Batch graph query functions fetch entities efficiently:

BatchQueryEntities: Batch entity lookup with default options
BatchQueryEntitiesWithOptions: Configurable batch queries with relationships
ExpandWithNeighbors: Expands entity IDs to include N-hop neighbors
CollectEntityIDs: Extracts unique entity IDs from relationships

Context formatting functions prepare content for LLMs:

FormatEntitiesForContext: Formats entities for LLM consumption
FormatRelationshipsForContext: Formats relationships for LLM
FormatBatchResultForContext: Formats complete batch results
BuildContextFromBatch: Creates ConstructedContext from batch result

Example Usage ¶

Building context for an agent task:

// Query entities from the graph
result, err := context.BatchQueryEntitiesWithOptions(ctx, client, entityIDs,
    context.BatchQueryOptions{
        IncludeRelationships: true,
        Depth:                1,
    })
if err != nil {
    return err
}

// Build constructed context with token tracking
opts := context.FormatOptions{
    MaxTokens:      8000,
    PrettyPrint:    true,
    SectionHeaders: true,
}
constructed, err := context.BuildContextFromBatch(result, opts)
if err != nil {
    return err
}

// Embed in TaskMessage - token count is exact
task.Context = constructed

Token budget management:

budget := context.NewBudgetAllocation(10000)
budget.Allocate("system_prompt", 500)
budget.Allocate("entities", 4000)
remaining := budget.Remaining() // 5500 for other content

Integration with Workflows ¶

When using ConstructedContext with the workflow processor's publish_agent action, the context is embedded directly in the TaskMessage.

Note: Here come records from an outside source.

(* Let $n\ge1$ and let $q$ be an integer coprime to $n$. (a) The linking form $(q/n)$ on $\mathbb Z_n$ is simple if and only if $q$ is congruent modulo $n$ to plus or minus a quadratic residue mod $n$ (i.e. $q\equiv\pm k^2 \pmod n$ for some integer $k$). (b) The linking form $(q/n)$ on $\mathbb Z_n$ is semisimple if and only if there is a factorization $n=n_1\cdots n_k$ with the $n_i$ pairwise relatively prime such that each form $(q_i/n_i)$ is simple, where $q_i=qn/n_i$.
   Context: For $n\ge1$ and $q$ coprime to $n$, $(q/n)$ denotes the nondegenerate symmetric linking form on $\mathbb Z_n$ with values in $\mathbb Q/\mathbb Z$ whose value on a generator paired with itself is $q/n$; $(q/n)\cong(q'/n)$ iff $q'\equiv k^2q \pmod n$ for some $k$ coprime to $n$. A linking form is simple if it is isomorphic to $(\pm1/m)$ for some $m\ge1$ (including the trivial form on $\mathbb Z_1=0$), and semisimple if it is isomorphic to an orthogonal direct sum of simple forms. *)

From HB Require Import structures.
From mathcomp Require Import all_boot all_order all_algebra.
Set Implicit Arguments. Unset Strict Implicit. Unset Printing Implicit Defensive.
Import Order.TTheory GRing.Theory Num.Theory.
Local Open Scope ring_scope.

(* Values in Q/Z are represented by rationals, compared modulo integers. *)
Definition qz_eq (x y : rat) : Prop := (x - y) \is a Num.int.

Definition lform (G : zmodType) := G -> G -> rat.

Definition form_iso (G H : zmodType) (b : lform G) (c : lform H) : Prop :=
  exists f : G -> H,
    {morph f : x y / x + y} /\ bijective f /\
    forall x y, qz_eq (c (f x) (f y)) (b x y).

(* The cyclic group Z_n for n >= 1 (for n >= 1, n.-1.+1 = n). *)
Definition Zn (n : nat) : zmodType := 'I_(n.-1).+1.

Definition cform (n : nat) (q : int) : lform (Zn n) :=
  fun x y => q%:~R * (nat_of_ord x)%:R * (nat_of_ord y)%:R / n%:R.

Arguments cform : clear implicits.

Definition osum (G H : zmodType) (b : lform G) (c : lform H) : lform (G * H)%type :=
  fun x y => b x.1 y.1 + c x.2 y.2.

(* Simple: isomorphic to (1/m) or (-1/m) for some m >= 1 (m = 1 gives the
   trivial form on Z_1 = 0). *)
Definition simple_form (G : zmodType) (b : lform G) : Prop :=
  exists (m : nat) (e : int), (0 < m)%N /\ (e = 1 \/ e = -1) /\
    form_iso b (cform m e).

(* Semisimple: isomorphic to an orthogonal direct sum of finitely many
   simple forms (the empty sum being the trivial form on 0 = Z_1). *)
Inductive semisimple_form : forall G : zmodType, lform G -> Prop :=
| ss_nil (G : zmodType) (b : lform G) :
    form_iso b (cform 1 1) -> semisimple_form b
| ss_cons (G H1 H2 : zmodType) (b : lform G) (c1 : lform H1) (c2 : lform H2) :
    simple_form c1 -> semisimple_form c2 -> form_iso b (osum c1 c2) ->
    semisimple_form b.

From HB Require Import structures.
From mathcomp Require Import all_boot all_order all_algebra.
From mathcomp Require Import ring.
Import Order.TTheory GRing.Theory Num.Theory.
Set Implicit Arguments. Unset Strict Implicit. Unset Printing Implicit Defensive.
Local Open Scope ring_scope.

(* (a) An isometry (q/n) ~ (e/n), e = +-1, is multiplication by some k on Z_n, so
   q = e k^2 (mod n); conversely multiplication by a unit k carries (e k^2/n) to (e/n).
   (b) For coprime n1, n2 the map (a, b) |-> a n2 + b n1 is an isometry
   (q n2/n1) + (q n1/n2) ~ (q/(n1 n2)), so a factorization with simple factors gives a
   semisimple form.  Conversely, if (q/n) ~ (+-1/m) + c on Z_m x H, then Z_m x H is
   cyclic of order n, which forces n = m n' with gcd(m, n') = 1; the form on the
   preimage of the generator of Z_m shows that (q n'/m) is simple, and on m Z_n, which
   is mapped onto 0 x H, it shows (q m/n') ~ c.  Induction on the number of simple
   summands gives the factorization. *)

(** * Values in Q/Z and isometries *)

Lemma qz_refl x : qz_eq x x.
Proof. by rewrite /qz_eq subrr. Qed.

Lemma qz_sym x y : qz_eq x y -> qz_eq y x.
Proof. by rewrite /qz_eq -opprB rpredN. Qed.

Lemma qz_trans x y z : qz_eq x y -> qz_eq y z -> qz_eq x z.
Proof. by rewrite /qz_eq => hxy hyz; rewrite -[x](subrK y) -addrA rpredD. Qed.

Lemma qz_add x y x' y' : qz_eq x x' -> qz_eq y y' -> qz_eq (x + y) (x' + y').
Proof. by rewrite /qz_eq opprD addrACA; apply: rpredD. Qed.

Lemma qz_addr_cancel x y c : qz_eq (x + c) y -> qz_eq c 0 -> qz_eq x y.
Proof.
rewrite /qz_eq subr0 => hxy hc.
have -> : x - y = x + c - y - c by rewrite addrAC addrK.
exact: rpredB.
Qed.

Lemma qz_eq_frac (n : nat) (a b : int) : (0 < n)%N ->
  qz_eq (a%:~R / n%:R) (b%:~R / n%:R) <-> (a = b %[mod n%:Z])%Z.
Proof.
move=> n_gt0; rewrite /qz_eq -mulrBl -rmorphB /=; split; last first.
  by move/eqP; rewrite eqz_mod_dvd => /Qint_dvdz.
have n_neq0 : (n%:R : rat) != 0 by rewrite pnatr_eq0 -lt0n.
case/intrP=> z hz; apply/eqP; rewrite eqz_mod_dvd; apply/dvdzP; exists z.
apply: (@intr_inj rat).
by rewrite rmorphM /= -hz -[(n%:Z)%:~R]/(n%:R : rat) divfK.
Qed.

Lemma cformE n q (x y : Zn n) :
  cform n q x y = (q * (nat_of_ord x)%:Z * (nat_of_ord y)%:Z)%:~R / n%:R.
Proof. by rewrite /cform !rmorphM. Qed.

Lemma cform0l n q (y : Zn n) : cform n q 0 y = 0.
Proof. by rewrite /cform mulr0 !mul0r. Qed.

Lemma cform_scale (m d : nat) (x : int) : (0 < d)%N ->
  (x * d%:Z)%:~R / (m * d)%:R = x%:~R / m%:R :> rat.
Proof.
move=> d_gt0; have d_neq0 : (d%:R : rat) != 0 by rewrite pnatr_eq0 -lt0n.
by rewrite rmorphM natrM /= -mulf_div divff // mulr1.
Qed.

Lemma iso_refl (G : zmodType) (b : lform G) : form_iso b b.
Proof.
by exists id; split=> //; split; [exists id | move=> x y; apply: qz_refl].
Qed.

This enables the pattern:

Consumer builds context using domain-specific logic
Exact token count known before agent dispatch
Agent loop receives pre-built context (no discovery needed)
Fresh context per task (no pollution from prior work)

Design Rationale ¶

This package follows the principle that "what's relevant" is domain knowledge. A code review system has different relevance criteria than a logistics system. Rather than embedding domain-specific heuristics, SemStreams provides utilities that any domain can use:

Token counting and budget management
Efficient batch graph queries
LLM-friendly formatting
Source tracking for provenance

The consumer (e.g., SemSpec) implements the relevance logic and uses these building blocks to construct the final context.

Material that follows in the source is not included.